Full-Atom Peptide Design based on Multi-modal Flow Matching

Jiahan Li,Chaoran Cheng,Zuofan Wu,Ruihan Guo,Shitong Luo,Zhizhou Ren,Jian Peng,Jianzhu Ma
2024-06-02
Abstract:Peptides, short chains of amino acid residues, play a vital role in numerous biological processes by interacting with other target molecules, offering substantial potential in drug discovery. In this work, we present PepFlow, the first multi-modal deep generative model grounded in the flow-matching framework for the design of full-atom peptides that target specific protein receptors. Drawing inspiration from the crucial roles of residue backbone orientations and side-chain dynamics in protein-peptide interactions, we characterize the peptide structure using rigid backbone frames within the $\mathrm{SE}(3)$ manifold and side-chain angles on high-dimensional tori. Furthermore, we represent discrete residue types in the peptide sequence as categorical distributions on the probability simplex. By learning the joint distributions of each modality using derived flows and vector fields on corresponding manifolds, our method excels in the fine-grained design of full-atom peptides. Harnessing the multi-modal paradigm, our approach adeptly tackles various tasks such as fix-backbone sequence design and side-chain packing through partial sampling. Through meticulously crafted experiments, we demonstrate that PepFlow exhibits superior performance in comprehensive benchmarks, highlighting its significant potential in computational peptide design and analysis.

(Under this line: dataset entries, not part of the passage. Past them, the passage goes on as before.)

Definition homeomorphic (T1 T2 : topologicalType) (A : set T1) (B : set T2) : Prop :=
  exists (f : T1 -> T2) (g : T2 -> T1),
    (forall x, A x -> B (f x)) /\
    (forall y, B y -> A (g y)) /\
    (forall x, A x -> g (f x) = x) /\
    (forall y, B y -> f (g y) = y) /\
    {within A, continuous f} /\
    {within B, continuous g}.

(* R^6 with coordinates (a,b,c,d,e,f) of the skew-symmetric 4x4 matrix. *)
Notation R6 R := (R * R * R * R * R * R)%type.

Definition Pf6 (R : realType) (x : R6 R) : R :=
  let '(a, b, c, d, e, f) := x in a * f - b * e + c * d.

Definition s6 (R : realType) (x : R6 R) : R :=
  let '(a, b, c, d, e, f) := x in a + f.

Definition Apq (R : realType) (p q : R) : set (R6 R) :=
  [set x | Pf6 x = p /\ s6 x = q].

Definition punctured_plane_times_plane (R : realType) : set ((R * R) * (R * R)) :=
  [set x | x.1 <> (0, 0)].

Definition sphere2_times_plane (R : realType) : set ((R * R * R) * (R * R)) :=
  [set x | let '(u, v, w) := x.1 in u ^+ 2 + v ^+ 2 + w ^+ 2 = 1].

From HB Require Import structures.
From mathcomp Require Import all_boot all_order all_algebra.
From mathcomp Require Import all_classical all_reals all_analysis.
From mathcomp Require Import ring lra.
Import numFieldNormedType.Exports.
Import Order.TTheory GRing.Theory Num.Theory.
Local Open Scope classical_set_scope.
Local Open Scope ring_scope.

(* For (a, b, c, d, e, f) with a + f = q put t = (a - f)/2, u = (b + e)/2,
   z = (c - d)/2, v = (b - e)/2 and w = (c + d)/2; then
   af - be + cd = q^2/4 - (t^2 + u^2 + z^2) + (v^2 + w^2), so this linear
   change of coordinates maps A_{p,q} onto the quadric
   t^2 + u^2 + z^2 = v^2 + w^2 + Delta in R^3 x R^2.
   If Delta > 0, dividing (t, u, z) by sqrt (v^2 + w^2 + Delta) identifies the
   quadric with S^2 x R^2.  If Delta < 0, dividing (v, w) by
   sqrt (t^2 + u^2 + z^2 - Delta) identifies it with S^1 x R^3, and
   (c, y, s) |-> (e^s c, y) maps S^1 x R^2 x R onto (R^2 \ 0) x R^2. *)

Lemma within_continuous_subspace_comp {T1 T2 T3 : topologicalType}
    {A : set T1} {B : set T2} {f : T1 -> T2} {g : T2 -> T3} :
  {homo f : x / A x >-> B x} ->
  {within A, continuous f} -> {within B, continuous g} ->
  {within A, continuous (g \o f)}.
Proof.
move=> fAB cf cg x; apply: (@continuous_comp _ (subspace B)); last exact: cg.
exact: (subspaceT_continuous (f := mkfun_fun fAB)).
Qed.

Lemma homeomorphic_trans {T1 T2 T3 : topologicalType}
    {A : set T1} {B : set T2} {C : set T3} :
  homeomorphic A B -> homeomorphic B C -> homeomorphic A C.
Proof.
move=> [f [g [fAB [gBA [gfK [fgK [cf cg]]]]]]].
move=> [f' [g' [fBC [gCB [gfK' [fgK' [cf' cg']]]]]]].
exists (f' \o f), (g \o g'); split; [|split; [|split; [|split; [|split]]]].
- by move=> x /fAB /fBC.
- by move=> z /gCB /gBA.
- by move=> x Ax /=; rewrite gfK' ?gfK //; exact: fAB.
- by move=> z Cz /=; rewrite fgK ?fgK' //; exact: gCB.
- exact: within_continuous_subspace_comp fAB cf cf'.
- exact: within_continuous_subspace_comp gCB cg' cg.
Qed.

Lemma continuous_swap {T1 T2 : topologicalType} :
  continuous (fun z : T1 * T2 => (z.2, z.1)).
Proof. by move=> z; apply: cvg_pair; [exact: cvg_snd | exact: cvg_fst]. Qed.

Lemma homeomorphic_swap {T1 T2 : topologicalType} (A : set (T1 * T2)) :
  homeomorphic A [set z | A (z.2, z.1)].
Proof.
exists (fun z => (z.2, z.1)), (fun z => (z.2, z.1)).
split; [|split; [|split; [|split; [|split]]]].
- by case.
- by case.
- by case.
- by case.
- exact/continuous_subspaceT/continuous_swap.
- exact/continuous_subspaceT/continuous_swap.
Qed.

Section continuous_at_combinators.
Context {R : realType} {T : topologicalType} {x : T}.

Lemma continuous_at_pair {U V : topologicalType} {f : T -> U} {g : T -> V} :
  {for x, continuous f} -> {for x, continuous g} ->
  {for x, continuous (fun y => (f y, g y))}.
Proof. exact: cvg_pair. Qed.

Lemma continuous_at_fst {U V : topologicalType} {f : T -> U * V} :
  {for x, continuous f} -> {for x, continuous (fun y => (f y).1)}.
Proof. by move=> cf; apply: cvg_comp cf _; exact: cvg_fst. Qed.

Lemma continuous_at_snd {U V : topologicalType} {f : T -> U * V} :
  {for x, continuous f} -> {for x, continuous (fun y => (f y).2)}.
Proof. by move=> cf; apply: cvg_comp cf _; exact: cvg_snd. Qed.

Lemma continuous_at_add {f g : T -> R} :
  {for x, continuous f} -> {for x, continuous g} ->
  {for x, continuous (fun y => f y + g y)}.
Proof. exact: cvgD. Qed.

Lemma continuous_at_opp {f : T -> R} :
  {for x, continuous f} -> {for x, continuous (fun y => - f y)}.
Proof. exact: cvgN. Qed.

Lemma continuous_at_mul {f g : T -> R} :
  {for x, continuous f} -> {for x, continuous g} ->
  {for x, continuous (fun y => f y * g y)}.
Proof. exact: cvgM. Qed.

(* [continuous_at_pair] does not unify with the nested product structure
   of [R6 R], hence this separate rule for its 6-tuples. *)
Lemma continuous_at_tuple6 {f1 f2 f3 f4 f5 f6 : T -> R} :
  {for x, continuous f1} -> {for x, continuous f2} -> {for x, continuous f3} ->
  {for x, continuous f4} -> {for x, continuous f5} -> {for x, continuous f6} ->
  {for x, continuous (fun y => (f1 y, f2 y, f3 y, f4 y, f5 y, f6 y) : R6 R)}.
Proof.
move=> c1 c2 c3 c4 c5 c6.
exact: cvg_pair (cvg_pair (cvg_pair (cvg_pair (cvg_pair c1 c2) c3) c4) c5) c6.
Qed.

Lemma continuous_at_expr2 {f : T -> R} :
  {for x, continuous f} -> {for x, continuous (fun y => f y ^+ 2)}.
Proof. by move=> cf; exact: (cvgM cf cf). Qed.

Lemma continuous_at_inv {f : T -> R} :
  {for x, continuous f} -> f x != 0 -> {for x, continuous (fun y => (f y)^-1)}.
Proof. by move=> cf fx0; exact: cvgV. Qed.

Lemma continuous_at_sqrt {f : T -> R} :
  {for x, continuous f} -> {for x, continuous (fun y => Num.sqrt (f y))}.
Proof. by move=> cf; exact: continuous_comp cf (@sqrt_continuous R _). Qed.

Lemma continuous_at_expR {f : T -> R} :
  {for x, continuous f} -> {for x, continuous (fun y => expR (f y))}.
Proof. by move=> cf; exact: continuous_comp cf (@continuous_expR R _). Qed.

Lemma continuous_at_ln {f : T -> R} :
  {for x, continuous f} -> 0 < f x -> {for x, continuous (fun y => ln (f y))}.
Proof. by move=> cf fx0; exact: continuous_comp cf (continuous_ln fx0). Qed.

End continuous_at_combinators.

(* [eapply @l] rather than [eapply l]: inserting the implicit arguments of
   [l] before unification makes the canonical structure inference fail. *)
Ltac continuity_step f :=
  lazymatch f with
  | fun _ => ?c => exact: cvg_cst
  | fun _ => (_, _, _, _, _, _) => eapply @continuous_at_tuple6
  | fun _ => (_, _) => eapply @continuous_at_pair
  | fun _ => _.1 => eapply @continuous_at_fst
  | fun _ => _.2 => eapply @continuous_at_snd
  | fun _ => _ + _ => eapply @continuous_at_add
  | fun _ => - _ => eapply @continuous_at_opp
  | fun _ => _ * _ => eapply @continuous_at_mul
  | fun _ => _ ^+ 2 => eapply @continuous_at_expr2
  | fst => exact: cvg_fst
  | snd => exact: cvg_snd
  end.

Ltac continuity := repeat lazymatch goal with
  | |- continuous_at _ ?f => continuity_step f
  | |- {for _, continuous ?f} => continuity_step f
  end.

Section squared_norms.
Context {R : realType}.

Definition sqnorm2 (y : R * R) : R := y.1 ^+ 2 + y.2 ^+ 2.
Definition sqnorm3 (x : R * R * R) : R := x.1.1 ^+ 2 + x.1.2 ^+ 2 + x.2 ^+ 2.

Lemma sqnorm2Z k y : sqnorm2 (k *: y) = k ^+ 2 * sqnorm2 y.
Proof. by rewrite /sqnorm2 /= !exprMn mulrDr. Qed.

Lemma sqnorm3Z k x : sqnorm3 (k *: x) = k ^+ 2 * sqnorm3 x.
Proof. by rewrite /sqnorm3 /= !exprMn !mulrDr. Qed.

Lemma sqnorm2_ge0 y : 0 <= sqnorm2 y.
Proof. by rewrite addr_ge0 ?sqr_ge0. Qed.

Lemma sqnorm3_ge0 x : 0 <= sqnorm3 x.
Proof. by rewrite !addr_ge0 ?sqr_ge0. Qed.

Lemma continuous_sqnorm2 : continuous sqnorm2.
Proof. by move=> y; rewrite /sqnorm2; continuity. Qed.

Lemma continuous_sqnorm3 : continuous sqnorm3.
Proof. by move=> x; rewrite /sqnorm3; continuity. Qed.

Lemma sqnorm2_gt0 y : y != 0 -> 0 < sqnorm2 y.
Proof.
case: y => a b abNZ; rewrite /sqnorm2 /= lt_def paddr_eq0 ?sqr_ge0 //.
by rewrite !sqrf_eq0 addr_ge0 ?sqr_ge0 // andbT -xpair_eqE.
Qed.

End squared_norms.

Section rescale.
Context {R : realType} {X : normedModType R} {Y : topologicalType}.
Variables (N : X -> R) (lam : Y -> R).
Hypothesis NZ : forall k x, N (k *: x) = k ^+ 2 * N x.
Hypotheses (lam_cont : continuous lam) (lam_gt0 : forall y, 0 < lam y).

Let r y := Num.sqrt (lam y).

Let r_neq0 y : r y != 0.
Proof. by rewrite gt_eqF // sqrtr_gt0. Qed.

Let r_sqr y : r y ^+ 2 = lam y.
Proof. by rewrite sqr_sqrtr // ltW. Qed.

Let continuous_r_snd {T : topologicalType} :
  continuous (fun z : T * Y => r z.2).
Proof.
move=> z; apply: continuous_at_sqrt.
by apply: continuous_comp; [exact: cvg_snd | exact: lam_cont].
Qed.

Lemma homeomorphic_rescale :
  homeomorphic [set z : X * Y | N z.1 = lam z.2] [set z : X * Y | N z.1 = 1].
Proof.
exists (fun z => ((r z.2)^-1 *: z.1, z.2)), (fun z => (r z.2 *: z.1, z.2)).
split; [|split; [|split; [|split; [|split]]]].
- by move=> [x y] /= Nx; rewrite NZ Nx -r_sqr exprVn mulVf // expf_neq0.
- by move=> [x y] /= Nx; rewrite NZ Nx mulr1 r_sqr.
- by move=> [x y] _ /=; rewrite scalerA divff // scale1r.
- by move=> [x y] _ /=; rewrite scalerA mulVf // scale1r.
- apply: continuous_subspaceT => z.
  have inv_cont := continuous_at_inv (continuous_r_snd z) (r_neq0 z.2).
  exact: cvg_pair (cvgZ inv_cont cvg_fst) cvg_snd.
- apply: continuous_subspaceT => z.
  exact: cvg_pair (cvgZ (continuous_r_snd z) cvg_fst) cvg_snd.
Qed.

End rescale.

Section polar.
Context {R : realType} {X : normedModType R} {Y : topologicalType}.
Variable N : X -> R.
Hypothesis NZ : forall k x, N (k *: x) = k ^+ 2 * N x.
Hypotheses (N_cont : continuous N) (N_gt0 : forall x, x != 0 -> 0 < N x).

Let nrm x := Num.sqrt (N x).

Let N0 : N 0 = 0.
Proof. by rewrite -(scale0r 0) NZ expr0n mul0r. Qed.

Let nrm_gt0 x : x != 0 -> 0 < nrm x.
Proof. by move=> /N_gt0; rewrite sqrtr_gt0. Qed.

Let nrm_sqr x : x != 0 -> nrm x ^+ 2 = N x.
Proof. by move=> /N_gt0/ltW; exact: sqr_sqrtr. Qed.

Let nrm_unitZ k x : 0 <= k -> N x = 1 -> nrm (k *: x) = k.
Proof. by move=> k0 Nx; rewrite /nrm NZ Nx mulr1 sqrtr_sqr ger0_norm. Qed.

Let continuous_nrm_fst {T : topologicalType} :
  continuous (fun z : X * T => nrm z.1).
Proof.
move=> z; apply: continuous_at_sqrt.
by apply: continuous_comp; [exact: cvg_fst | exact: N_cont].
Qed.

Lemma homeomorphic_polar :
  homeomorphic [set z : X * (Y * R) | N z.1 = 1] [set z : X * Y | z.1 <> 0].
Proof.
exists (fun z => (expR z.2.2 *: z.1, z.2.1)),
       (fun z => ((nrm z.1)^-1 *: z.1, (z.2, ln (nrm z.1)))).
split; [|split; [|split; [|split; [|split]]]].
- move=> [x [y t]] /= Nx /eqP.
  rewrite scaler_eq0 gt_eqF ?expR_gt0 //= => /eqP x0.
  by move: Nx; rewrite x0 N0 => /eqP; rewrite eq_sym oner_eq0.
- move=> [x y] /= /eqP x0.
  by rewrite NZ exprVn nrm_sqr // mulVf // gt_eqF // N_gt0.
- move=> [x [y t]] /= Nx.
  rewrite nrm_unitZ ?expR_ge0 // expRK scalerA mulVf ?scale1r //.
  by rewrite gt_eqF ?expR_gt0.
- move=> [x y] /= /eqP x0.
  by rewrite lnK ?posrE ?nrm_gt0 // scalerA divff ?scale1r // gt_eqF ?nrm_gt0.
- apply: continuous_subspaceT => z.
  have t_cont : {for z, continuous (fun z : X * (Y * R) => z.2.2)}.
    by apply: cvg_comp cvg_snd _; exact: cvg_snd.
  have y_cont : {for z, continuous (fun z : X * (Y * R) => z.2.1)}.
    by apply: cvg_comp cvg_snd _; exact: cvg_fst.
  exact: cvg_pair (cvgZ (continuous_at_expR t_cont) cvg_fst) y_cont.
- apply: continuous_in_subspaceT => -[x y]; rewrite inE /= => /eqP x0.
  have nrm_x_gt0 : 0 < nrm x by exact: nrm_gt0.
  have nrm_cont : {for (x, y), continuous (fun z : X * Y => nrm z.1)}.
    exact: continuous_nrm_fst.
  have inv_cont := continuous_at_inv nrm_cont (lt0r_neq0 nrm_x_gt0).
  have ln_cont := continuous_at_ln nrm_cont nrm_x_gt0.
  exact: cvg_pair (cvgZ inv_cont cvg_fst) (cvg_pair cvg_snd ln_cont).
Qed.

End polar.

Section skew_coordinates.
Context {R : realType}.

Definition quadric (D : R) : set ((R * R * R) * (R * R)) :=
  [set z | sqnorm3 z.1 = sqnorm2 z.2 + D].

Biomolecules,Artificial Intelligence,Machine Learning
What problem does this paper attempt to address?
This paper focuses on the problem of de novo peptide design, particularly in the context of multi-modal flow matching on specific protein receptors. Existing deep generative models have made progress in protein backbone design, but designing peptide binders for specific targets still poses challenges as it requires considering side-chain dynamics and binding pockets. The paper proposes a multi-modal deep generative model called PepFlow, which utilizes a conditional flow matching framework to learn a probabilistic path from a prior distribution to a target distribution through continuous normalization flows. PepFlow is capable of simultaneously handling the amino acid sequence, side-chain angles, and rigid backbone structure of peptide chains, enabling tasks such as design with fixed backbone sequences and side-chain packing through partial sampling. The paper showcases the superior performance of PepFlow in comprehensive benchmark tests and highlights its potential in computational peptide design and analysis.